**What the exercise asks**. Going down the data below, set down exactly the line with "(omega_perp R k l)).-1." and each line after it through the line with "move=> /memv_capP[/(subvP span_ell0)"; no other lines.

Saved data entries:

+-------+

Lemma span_roots_eq_perp : (k + 2 <= l)%N -> <<roots>>%VS = omega_perp R k l.
Proof.
move=> l_ge; set r := lvec1 l (k + 2) (-1 : R).
have r_perp : r \in omega_perp R k l by rewrite lvec1_perp // mulNrn.
have r_root : Rlk_roots k r.
  split; last by apply/eqP; rewrite -memv_Nform_perp.
    apply: lvec_lattice => [|j]; first exact: rpred1.
    by case: ifP; rewrite ?rpredN ?rpred1 ?rpred0.
  rewrite Nform_self lvec0.
  rewrite (@sum_tail_lvec1 _ _ _ _ (fun t => t ^+ 2)) ?expr0n //.
  by rewrite sqrrN expr1n mulr1 natrD; ring.
have l_gt0 : (0 < l)%N by rewrite (leq_trans _ l_ge) // addn2.
rewrite (omega_perp_decomp l_gt0 r_perp (lvec0 _ _)).
by apply/esym/addv_idPl; rewrite -memvE memv_span // mem_roots.
Qed.

Lemma dim_span_roots_small : (0 < l)%N -> (l < k + 2)%N ->
  \dim <<roots>> = (\dim (omega_perp R k l)).-1.
Proof.
move=> l_gt0 l_lt; set w := lvec1 l 1 (- (k + 2)%:R : R).
have w_perp : w \in omega_perp R k l by rewrite lvec1_perp ?mulr1n.
have w_neq0 : w != 0.
  apply: contraTneq isT => /rowP/(_ ord0).
  by rewrite lvec0 mxE => /eqP; rewrite oner_eq0.
have span_ell0 : (<<roots>> <= Nform_perp k (ell0 R l))%VS.
  apply/span_subvP => x /mem_roots x_root.
  by rewrite memv_Nform_perp Nform_ell0 (roots_head0 k_gt0) ?mulr0.
rewrite (omega_perp_decomp l_gt0 w_perp (lvec0 _ _)) dimv_disjoint_sum.
  by rewrite dim_vline w_neq0 addn1.
apply/eqP; rewrite -subv0; apply/subvP => y.
move=> /memv_capP[/(subvP span_ell0) + /vlineP[c y_eq]].
rewrite y_eq memv_Nform_perp NformZl Nform_ell0 lvec0 mulr1.
rewrite mulf_eq0 pnatr_eq0 eqn0Ngt k_gt0 orbF => /eqP->.
by rewrite scale0r memv0.
Qed.

End Roots.

Unset Implicit Arguments.

Theorem proposition5p4 (R : realType) (k l : nat) :
  (0 < k)%N -> (2 <= l)%N -> (l <= k + 4)%N ->
  exists s : seq 'rV[R]_(l.+1),
    [/\ uniq s /\ (forall x, x \in s <-> @Rlk_roots R k l x),
        (<<s>> <= omega_perp R k l)%VS,
        root_system (@Eform R k l) <<s>>%VS s,
        ((k + 2 <= l)%N -> root_system (@Eform R k l) (omega_perp R k l) s)
      & ((l < k + 2)%N -> \dim <<s>>%VS = (\dim (omega_perp R k l)).-1)].
Proof.
move=> k_gt0 l_ge2 l_le; have l_gt0 : (0 < l)%N by apply: leq_trans l_ge2.
have perp_pos := Eform_perp_gt0 (R := R) k_gt0 l_le.
exists (roots R k l); split.
- by split; [exact: roots_uniq | exact: mem_roots].
- exact: span_roots_perp.
- apply: roots_root_system => // v /(subvP (span_roots_perp _ k_gt0 l_le)).
  exact: perp_pos.
- by move=> l_ge; apply: roots_root_system => //; exact: span_roots_eq_perp.
- exact: dim_span_roots_small.
Qed.
Definition restrict G : {set T * T} := [set a | (Some a.1, Some a.2) \in G].

Definition ground_roots : {set option T} := None |: [set Some x | x in S].

Lemma ground_SS F x y : ((Some x, Some y) \in ground F) = ((x, y) \in F).
Proof. by rewrite inE. Qed.

Lemma ground_SN F x : ((Some x, None) \in ground F) = is_root F x && (x \notin S).
Proof. by rewrite inE. Qed.

Lemma ground_N F b : ((None, b) \in ground F) = false.
Proof. by rewrite inE; case: b. Qed.

Lemma in_restrict G x y : ((x, y) \in restrict G) = ((Some x, Some y) \in G).
Proof. by rewrite inE. Qed.

Lemma restrict_ground F : restrict (ground F) = F.
Proof. by apply/setP => -[x y]; rewrite in_restrict ground_SS. Qed.

Lemma mem_ground_roots x : (Some x \in ground_roots) = (x \in S).
Proof. by rewrite !inE /= mem_imset //; apply: Some_inj. Qed.

Lemma card_ground_roots : #|ground_roots| = #|S|.+1.
Proof.
rewrite cardsU1 card_imset; last exact: Some_inj.
suff -> : None \notin [set Some x | x in S] by [].
by apply/imsetP => -[].
Qed.

Lemma is_root_ground_None F : is_root (ground F) None.
Proof. by apply/is_rootP => b; rewrite ground_N. Qed.

Lemma is_root_ground_Some F x : is_root (ground F) (Some x) = is_root F x && (x \in S).
Proof.
apply/is_rootP/andP => [noG|[/is_rootP noF xS] [y|]]; last by rewrite ground_SN xS andbF.
  have rx : is_root F x by apply/is_rootP => y; rewrite -ground_SS.
  by split=> //; have := noG None; rewrite ground_SN rx negbK.
by rewrite ground_SS.
Qed.

Lemma roots_ground F : S \subset [set r | is_root F r] ->
  [set r | is_root (ground F) r] = ground_roots.
Proof.
move=> /subsetP rS; apply/setP => -[x|]; last by rewrite !inE is_root_ground_None.
rewrite mem_ground_roots inE is_root_ground_Some andb_idl // => xS.
by have := rS x xS; rewrite inE.
Qed.
(* Consider the two-evaluator model described in the context with $d=2$ attributes, fraction of disadvantaged applicants $\alpha=1/2$, and $\lambda=1/2$ (exactly one of the two attributes is protected). Then for every bias factor $\beta\in[0,1)$, every bias probability $\gamma\in(0,1)$, every even $n\ge 2$ and every continuous distribution $\mathcal D$ on $[0,\infty)$, segmented allocation incurs a top-1 error no larger than holistic allocation: $\mathrm{err}_{\mathrm{seg}}\le \mathrm{err}_{\mathrm{hol}}$.
   Context: Model. There are $n$ applicants (with $n$ even) and $d=2$ attributes. A fixed set $\mathcal I_D\subseteq[n]$ of $n/2$ applicants is ''disadvantaged''; the remaining set $\mathcal I_A=[n]\setminus\mathcal I_D$ is ''advantaged''. The two attributes of each applicant have identical true value: $x_{i1}=x_{i2}=:x_i$, where $x_1,\dots,x_n$ are i.i.d. from a continuous distribution $\mathcal D$ supported on $[0,\infty)$. A fraction $\lambda$ of the attributes are ''protected'' (for $d=2$: $\lambda=1/2$ means a specified one of the two attributes is protected, $\lambda=1$ means both are). There are two evaluators; each is independently ''biased'' with probability $\gamma$, independently of everything else. An unbiased evaluator assigned attribute $j$ of applicant $i$ reports $y_{ij}=x_{ij}$; a biased evaluator reports $y_{ij}=\beta x_{ij}$ if $j$ is protected and $i\in\mathcal I_D$, and $y_{ij}=x_{ij}$ otherwise, where $\beta\in[0,1)$. Each (applicant, attribute) pair is evaluated by exactly one evaluator. Holistic allocation: the applicants are split uniformly at random into two sets of size $n/2$, and each evaluator evaluates both attributes of the applicants in one set. Segmented allocation: uniformly at random, one evaluator evaluates attribute 1 of all applicants and the other evaluates attribute 2 of all applicants. Assignments are independent of the values and of which evaluators are biased. The top-1 error of an allocation scheme is $\mathrm{err}=\mathbb P\big(\arg\max_{i\in[n]} x_i\neq \arg\max_{i\in[n]}(y_{i1}+y_{i2})\big)$ under that scheme; $\mathrm{err}_{\mathrm{hol}}$ and $\mathrm{err}_{\mathrm{seg}}$ denote the errors under holistic and segmented allocation. *)

From HB Require Import structures.
From mathcomp Require Import all_boot all_order all_algebra.
From mathcomp Require Import all_classical all_reals all_analysis.
Set Implicit Arguments. Unset Strict Implicit. Unset Printing Implicit Defensive.
Import Order.TTheory GRing.Theory Num.Theory.
Local Open Scope classical_set_scope.
Local Open Scope ring_scope.

Section TwoEvaluators.
Variable R : realType.

(* Mutual independence of the n real random variables X_0..X_{n-1}:
   product rule for every family of Borel sets (taking B i = setT recovers
   every subfamily). *)
Definition mutually_independent d (T : measurableType d) (P : probability T R)
  n (X : 'I_n -> {RV P >-> R}) : Prop :=
  forall B : 'I_n -> set R, (forall i, measurable (B i)) ->
    fine (P [set t | forall i, B i (X i t)]) =
    \prod_(i < n) fine (P (X i @^-1` B i)).

Definition has_law d (T : measurableType d) (P : probability T R)
  n (X : 'I_n -> {RV P >-> R}) (D : probability R R) : Prop :=
  forall i (B : set R), measurable B -> P (X i @^-1` B) = D B.

Definition continuous_nonneg_distribution (D : probability R R) : Prop :=
  (forall r : R, D [set r] = 0%E) /\ D [set r : R | 0 <= r] = 1%E.

Definition top1_correct n (x s : 'I_n -> R) : Prop :=
  exists i : 'I_n, (forall j, j != i -> x j < x i) /\ (forall j, j != i -> s j < s i).

Variables (n : nat) (ID : {set 'I_n}) (beta gamma : R).

Definition wbias (b : bool) : R := if b then gamma else 1 - gamma.

(* Attribute 1 is the protected attribute, attribute 2 unprotected.
   y_i1 + y_i2 where y_i1 is reported by the evaluator whose bias flag is b. *)
Definition total_score (b : bool) (x : 'I_n -> R) (i : 'I_n) : R :=
  (if b && (i \in ID) then beta * x i else x i) + x i.

(* Holistic: evaluator 1 (bias flag b1) evaluates both attributes of the
   applicants in S, evaluator 2 (flag b2) those of the complement. *)
Definition score_hol (S : {set 'I_n}) (b1 b2 : bool) (x : 'I_n -> R) (i : 'I_n) : R :=
  total_score (if i \in S then b1 else b2) x i.

(* Segmented: if c then evaluator 1 evaluates attribute 1 of everyone,
   else evaluator 2 does. *)
Definition score_seg (c b1 b2 : bool) (x : 'I_n -> R) (i : 'I_n) : R :=
  total_score (if c then b1 else b2) x i.

Definition err_event d (T : measurableType d) (P : probability T R)
  (X : 'I_n -> {RV P >-> R}) (score : ('I_n -> R) -> 'I_n -> R) : set T :=
  [set t | ~ top1_correct (fun i => X i t) (score (fun i => X i t))].

(* Law of total probability over the independent discrete randomness
   (bias flags b1 b2 ~ Bernoulli(gamma), uniform split S with #|S| = n/2). *)
Definition err_hol d (T : measurableType d) (P : probability T R)
  (X : 'I_n -> {RV P >-> R}) : R :=
  \sum_(b1 : bool) \sum_(b2 : bool) \sum_(S : {set 'I_n} | #|S| == n./2)
    (wbias b1 * wbias b2 / ('C(n, n./2))%:R) * fine (P (err_event X (score_hol S b1 b2))).

(* bias flags as above, uniform choice c of which evaluator gets attribute 1 *)
Definition err_seg d (T : measurableType d) (P : probability T R)
  (X : 'I_n -> {RV P >-> R}) : R :=
  \sum_(b1 : bool) \sum_(b2 : bool) \sum_(c : bool)
    (wbias b1 * wbias b2 / 2) * fine (P (err_event X (score_seg c b1 b2))).

End TwoEvaluators.

From HB Require Import structures.
From mathcomp Require Import all_boot all_order all_algebra.
From mathcomp Require Import all_classical all_reals all_analysis.
From mathcomp Require Import ring lra.
Import Order.TTheory GRing.Theory Num.Theory.
Local Open Scope classical_set_scope.
Local Open Scope ring_scope.

(* Write e_b for the error probability when a single evaluator with bias flag
   b scores every applicant.  With flags (b, b) both schemes err with
   probability e_b; with mixed flags, segmented allocation errs with
   probability (e_1 + e_0) / 2, while holistic allocation with split S uses
   one of two mixed scorings.  Unbiased scores are 2 x, so the unbiased
   scoring is correct whenever any scoring is; and when both mixed scorings
   are correct they select the same applicant, who then also wins under the
   fully biased scoring (this needs beta >= 0).  Hence the error event of
   the unbiased scoring lies in the intersection, and that of the biased
   scoring in the union, of the two mixed error events, so inclusion-exclusion
   gives e_1 + e_0 <= P(mixed error 1) + P(mixed error 2) for every S.  The
   comparison holds value by value, so independence, the common law and its
   continuity are never used. *)

Section ProbabilityFine.
Context d (T : measurableType d) (R : realType) (P : probability T R).

Lemma probability_fineK (A : set T) : measurable A -> P A = (fine (P A))%:E.
Proof. by move=> mA; rewrite fineK // fin_num_measure. Qed.

Lemma fine_probability_le (A B : set T) :
  measurable A -> measurable B -> A `<=` B -> fine (P A) <= fine (P B).
Proof.
move=> mA mB AB; rewrite -lee_fin -!probability_fineK //.
by apply: le_measure => //; rewrite inE.
Qed.

Lemma fine_probabilityUI (A B : set T) : measurable A -> measurable B ->
  fine (P (A `|` B)) + fine (P (A `&` B)) = fine (P A) + fine (P B).
Proof.
move=> mA mB; have mAB := measurableI _ _ mA mB.
apply: EFin_inj; rewrite !EFinD -!probability_fineK //; last exact: measurableU.
rewrite measureUfinl //; last by rewrite ltey_eq fin_num_measure.
by rewrite subeK // fin_num_measure.
Qed.

Lemma fine_probability_subUI_le (A B C D : set T) :
  measurable A -> measurable B -> measurable C -> measurable D ->
  C `<=` A `|` B -> D `<=` A `&` B ->
  fine (P C) + fine (P D) <= fine (P A) + fine (P B).
Proof.
move=> mA mB mC mD CAB DAB; rewrite -(fine_probabilityUI A B) //.
have mAuB := measurableU _ _ mA mB; have mAB := measurableI _ _ mA mB.
by apply: lerD; apply: fine_probability_le => //.
Qed.

End ProbabilityFine.

Lemma measurable_ltr d (T : measurableType d) (R : realType) (f g : T -> R) :
  measurable_fun setT f -> measurable_fun setT g -> measurable [set t | f t < g t].
Proof.
move=> mf mg; have := measurable_realfun.measurable_fun_ltr mf mg measurableT.
move=> /(_ [set true] I); rewrite setTI.
by congr measurable; apply/seteqP; split => t /= /eqP.
Qed.

Lemma measurable_top1_incorrect d (T : measurableType d) (R : realType) n
    (x s : T -> 'I_n -> R) :
  (forall i, measurable_fun setT (x ^~ i)) ->
  (forall i, measurable_fun setT (s ^~ i)) ->
  measurable [set t | ~ top1_correct (x t) (s t)].
Proof.
move=> mx ms.
have -> : [set t | ~ top1_correct (x t) (s t)] =
    ~` \bigcup_(i in [set: 'I_n]) \bigcap_(j in [set j | j != i])
      ([set t | x t j < x t i] `&` [set t | s t j < s t i]).
  apply/seteqP; split => t /= incorrect.
    move=> [i _ win]; apply: incorrect; exists i.
    by split => j ji; have [] := win j ji.
  move=> [i [xi si]]; apply: incorrect; exists i => // j ji.
  by split; [exact: xi | exact: si].
apply/measurableC/fin_bigcup_measurable; first exact: finite_finset.
move=> i _; apply: fin_bigcap_measurable; first exact: finite_finset.
by move=> j _; apply: measurableI; apply: measurable_ltr.
Qed.

Section TotalScore.
Context (R : realType) (n : nat) (ID : {set 'I_n}) (beta : R).

Lemma measurable_fun_total_score d (T : measurableType d) (x : T -> 'I_n -> R)
    b i :
  (forall j, measurable_fun setT (x ^~ j)) ->
  measurable_fun setT (fun t => total_score ID beta b (x t) i).
Proof.
move=> mx; rewrite /total_score; case: (_ && _);
  apply: measurable_realfun.measurable_funD => //.
exact: measurable_realfun.measurable_funM.
Qed.

Lemma top1_correct_unbiased (x s : 'I_n -> R) :
  top1_correct x s -> top1_correct x (total_score ID beta false x).
Proof.
case=> i [xi _]; exists i; split => // j ji; rewrite /total_score /=.
by have xji := xi j ji; exact: ltrD.
Qed.

Lemma top1_correct_biased (S : {set 'I_n}) (x : 'I_n -> R) :
  0 <= beta ->
  top1_correct x (score_hol ID beta S true false x) ->
  top1_correct x (score_hol ID beta S false true x) ->
  top1_correct x (total_score ID beta true x).
Proof.
move=> beta_ge0 [i [xi si]] [i' [xi' si']].
have same_winner : i' = i.
  apply/eqP/negPn/negP => i'i.
  by have := xi i' i'i; have := xi' i; rewrite eq_sym => /(_ i'i); lra.
subst i'; exists i; split => // j ji.
move: (si j ji) (si' j ji) (xi j ji).
rewrite /score_hol /total_score /=.
by case: (i \in S); case: (j \in S); case: (i \in ID); case: (j \in ID) => /=; nra.
Qed.

End TotalScore.

Lemma sum_card_sets_const (V : nmodType) n k (c : V) :
  \sum_(S : {set 'I_n} | #|S| == k) c = c *+ 'C(n, k).
Proof.
rewrite sumr_const -[in RHS](card_ord n) -card_draws.
by congr (_ *+ _); apply: eq_card => S; rewrite inE.
Qed.

Section TwoEvaluatorErrors.
Context (R : realType) (n : nat) (ID : {set 'I_n}) (beta gamma : R).
Context d (T : measurableType d) (P : probability T R) (X : 'I_n -> {RV P >-> R}).

Definition err_single (b : bool) : R :=
  fine (P (err_event X (total_score ID beta b))).

Lemma score_seg_single c b1 b2 :
  score_seg ID beta c b1 b2 = total_score ID beta (if c then b1 else b2).
Proof. by []. Qed.

Lemma score_hol_single S b : score_hol ID beta S b b = total_score ID beta b.
Proof. by apply/funext => x; apply/funext => i; rewrite /score_hol if_same. Qed.

Lemma measurable_err_hol S b1 b2 :
  measurable (err_event X (score_hol ID beta S b1 b2)).
Proof.
apply: measurable_top1_incorrect => i; first exact: measurable_funPT.
by apply: measurable_fun_total_score => j; exact: measurable_funPT.
Qed.

Lemma err_single_le_hol_mixed S : 0 <= beta ->
  err_single true + err_single false <=
    fine (P (err_event X (score_hol ID beta S true false))) +
    fine (P (err_event X (score_hol ID beta S false true))).
Proof.
move=> beta_ge0; rewrite /err_single -!(score_hol_single S).
apply: fine_probability_subUI_le; try exact: measurable_err_hol.
- move=> t /= incorrect; apply/not_andP => -[c1 c2]; apply: incorrect.
  by rewrite score_hol_single; exact: top1_correct_biased c1 c2.
- move=> t /= incorrect; split => c; apply: incorrect.
  all: by rewrite score_hol_single; exact: top1_correct_unbiased c.
Qed.

Lemma err_seg_single :
  err_seg ID beta gamma X = gamma ^+ 2 * err_single true +
    (1 - gamma) ^+ 2 * err_single false +
    gamma * (1 - gamma) * (err_single true + err_single false).
Proof.
rewrite /err_seg !big_bool /= !score_seg_single /wbias.
rewrite -/(err_single true) -/(err_single false).
by field.
Qed.

Let K : R := ('C(n, n./2))%:R.

Lemma binomial_half_neq0 : K != 0.
Proof.
by rewrite pnatr_eq0 -lt0n bin_gt0 leq_half_double -addnn (leqW (leq_addr _ _)).
Qed.

Lemma sum_half_sets_const (c : R) :
  \sum_(S : {set 'I_n} | #|S| == n./2) c = c * K.
Proof. by rewrite sum_card_sets_const mulr_natr. Qed.

Lemma sum_hol_single (w : R) b :
  \sum_(S : {set 'I_n} | #|S| == n./2)
    w / K * fine (P (err_event X (score_hol ID beta S b b))) =
  w * err_single b.
Proof.
under eq_bigr do rewrite score_hol_single.
by rewrite sum_half_sets_const mulrAC divfK // binomial_half_neq0.
Qed.

Lemma err_single_le_sum_hol_mixed (w : R) : 0 <= beta -> 0 <= w ->
  w * (err_single true + err_single false) <=
    \sum_(S : {set 'I_n} | #|S| == n./2)
      w / K * fine (P (err_event X (score_hol ID beta S true false))) +
    \sum_(S : {set 'I_n} | #|S| == n./2)
      w / K * fine (P (err_event X (score_hol ID beta S false true))).
Proof.
move=> beta_ge0 w_ge0; rewrite -big_split /=.
have -> : w * (err_single true + err_single false) =
    \sum_(S : {set 'I_n} | #|S| == n./2)
      w / K * (err_single true + err_single false).
  by rewrite sum_half_sets_const mulrAC divfK // binomial_half_neq0.
apply: ler_sum => S _; rewrite -mulrDr.
apply: ler_wpM2l; last exact: err_single_le_hol_mixed.
by rewrite divr_ge0.
Qed.

Lemma err_hol_ge_single : 0 <= beta -> 0 <= gamma <= 1 ->
  gamma ^+ 2 * err_single true + (1 - gamma) ^+ 2 * err_single false +
    gamma * (1 - gamma) * (err_single true + err_single false)
  <= err_hol ID beta gamma X.
Proof.
move=> beta_ge0 /andP[gamma_ge0 gamma_le1].
rewrite /err_hol -/K !big_bool /= !sum_hol_single -!expr2.
rewrite [(1 - gamma) * gamma]mulrC.
rewrite [leLHS]addrAC [leRHS]addrA lerD2r -[leRHS]addrA lerD2l.
by apply: err_single_le_sum_hol_mixed; rewrite // mulr_ge0 // subr_ge0.
Qed.

End TwoEvaluatorErrors.

Theorem theorem1 (R : realType) (n : nat) (ID : {set 'I_n}) (beta gamma : R)
  (d : measure_display) (T : measurableType d) (P : probability T R)
  (X : 'I_n -> {RV P >-> R}) (D : probability R R) :
  (2 <= n)%N -> ~~ odd n -> #|ID| = n./2 ->
  0 <= beta -> beta < 1 -> 0 < gamma -> gamma < 1 ->
  continuous_nonneg_distribution D ->
  mutually_independent X -> has_law X D ->
  err_seg ID beta gamma X <= err_hol ID beta gamma X.
Proof.
move=> _ _ _ beta_ge0 _ gamma_gt0 gamma_lt1 _ _ _.
rewrite err_seg_single; apply: err_hol_ge_single => //.
by rewrite !ltW.
Qed.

+-------+

**Finished exercise**.
  \dim <<roots>> = (\dim (omega_perp R k l)).-1.
Proof.
move=> l_gt0 l_lt; set w := lvec1 l 1 (- (k + 2)%:R : R).
have w_perp : w \in omega_perp R k l by rewrite lvec1_perp ?mulr1n.
have w_neq0 : w != 0.
  apply: contraTneq isT => /rowP/(_ ord0).
  by rewrite lvec0 mxE => /eqP; rewrite oner_eq0.
have span_ell0 : (<<roots>> <= Nform_perp k (ell0 R l))%VS.
  apply/span_subvP => x /mem_roots x_root.
  by rewrite memv_Nform_perp Nform_ell0 (roots_head0 k_gt0) ?mulr0.
rewrite (omega_perp_decomp l_gt0 w_perp (lvec0 _ _)) dimv_disjoint_sum.
  by rewrite dim_vline w_neq0 addn1.
apply/eqP; rewrite -subv0; apply/subvP => y.
move=> /memv_capP[/(subvP span_ell0) + /vlineP[c y_eq]].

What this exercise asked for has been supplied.